» **What the task asks**
Print word for word the first line of the records below and every following line through the one containing "have xA : (x, sg1"; print nothing else.

++++++++

Lemma reaches_agrees (n : N) (sg : V -> V) :
  reaches P undef start succ lab n sg -> agrees undef (Ain S n) (Lin S n) sg.
Proof.
elim=> [| m {}n sg0 sg1 _ IH mn run] x xL xd; first by rewrite eqxx in xd.
have nS : n != start by apply: contraNneq (start_no_pred m) => <-.
have xA : (x, sg1 x) \in transfer P undef (lab m) (Ain S m).
  by apply: (exec_sound _ run) (Lout_succ mn xL) xd; rewrite -LinE; exact: IH.
rewrite AinE (negbTE nS) inE /= xL andbT; apply/bigcupP; exists m; first by rewrite inE.
by rewrite AoutE inE xA (Lout_succ mn xL).
Qed.

End FixedPoint.

(* Step 3: referenced variables are live on entry, so Step 2 applies.  The
   theorem holds at every fixed point, in particular at the iterate [S]. *)
Theorem theorem3 (V : finType) (P : {set V}) (undef : V)
    (N : finType) (start endn : N) (succ : N -> {set N}) (lab : N -> stmt V)
    (S : sol V N) (k : nat) :
  wf_proc P undef start endn succ lab ->
  S = iter k (step P undef start endn succ lab) (sol0 V N) ->
  step P undef start endn succ lab S = S ->
  forall (n : N) (x z : V) (sg : V -> V),
    x \in P -> z != undef ->
    reaches P undef start succ lab n sg ->
    sg x = z ->
    x \in Ref P (lab n) (Ain S n) (Lout S n) ->
    (x, z) \in Ain S n.
Proof.
move=> [_ [start_no_pred end_no_succ _ _ _]] _ S_fixed n x z sg _ zd run xz xR; subst z.
have xL : x \in Lin S n by rewrite (LinE S_fixed) inE xR orbT.
exact: (reaches_agrees start_no_pred end_no_succ S_fixed run xL zd).
Qed.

++++++++

» **Answer to the problem**
Lemma reaches_agrees (n : N) (sg : V -> V) :
  reaches P undef start succ lab n sg -> agrees undef (Ain S n) (Lin S n) sg.
Proof.
elim=> [| m {}n sg0 sg1 _ IH mn run] x xL xd; first by rewrite eqxx in xd.
have nS : n != start by apply: contraNneq (start_no_pred m) => <-.
have xA : (x, sg1 x) \in transfer P undef (lab m) (Ain S m).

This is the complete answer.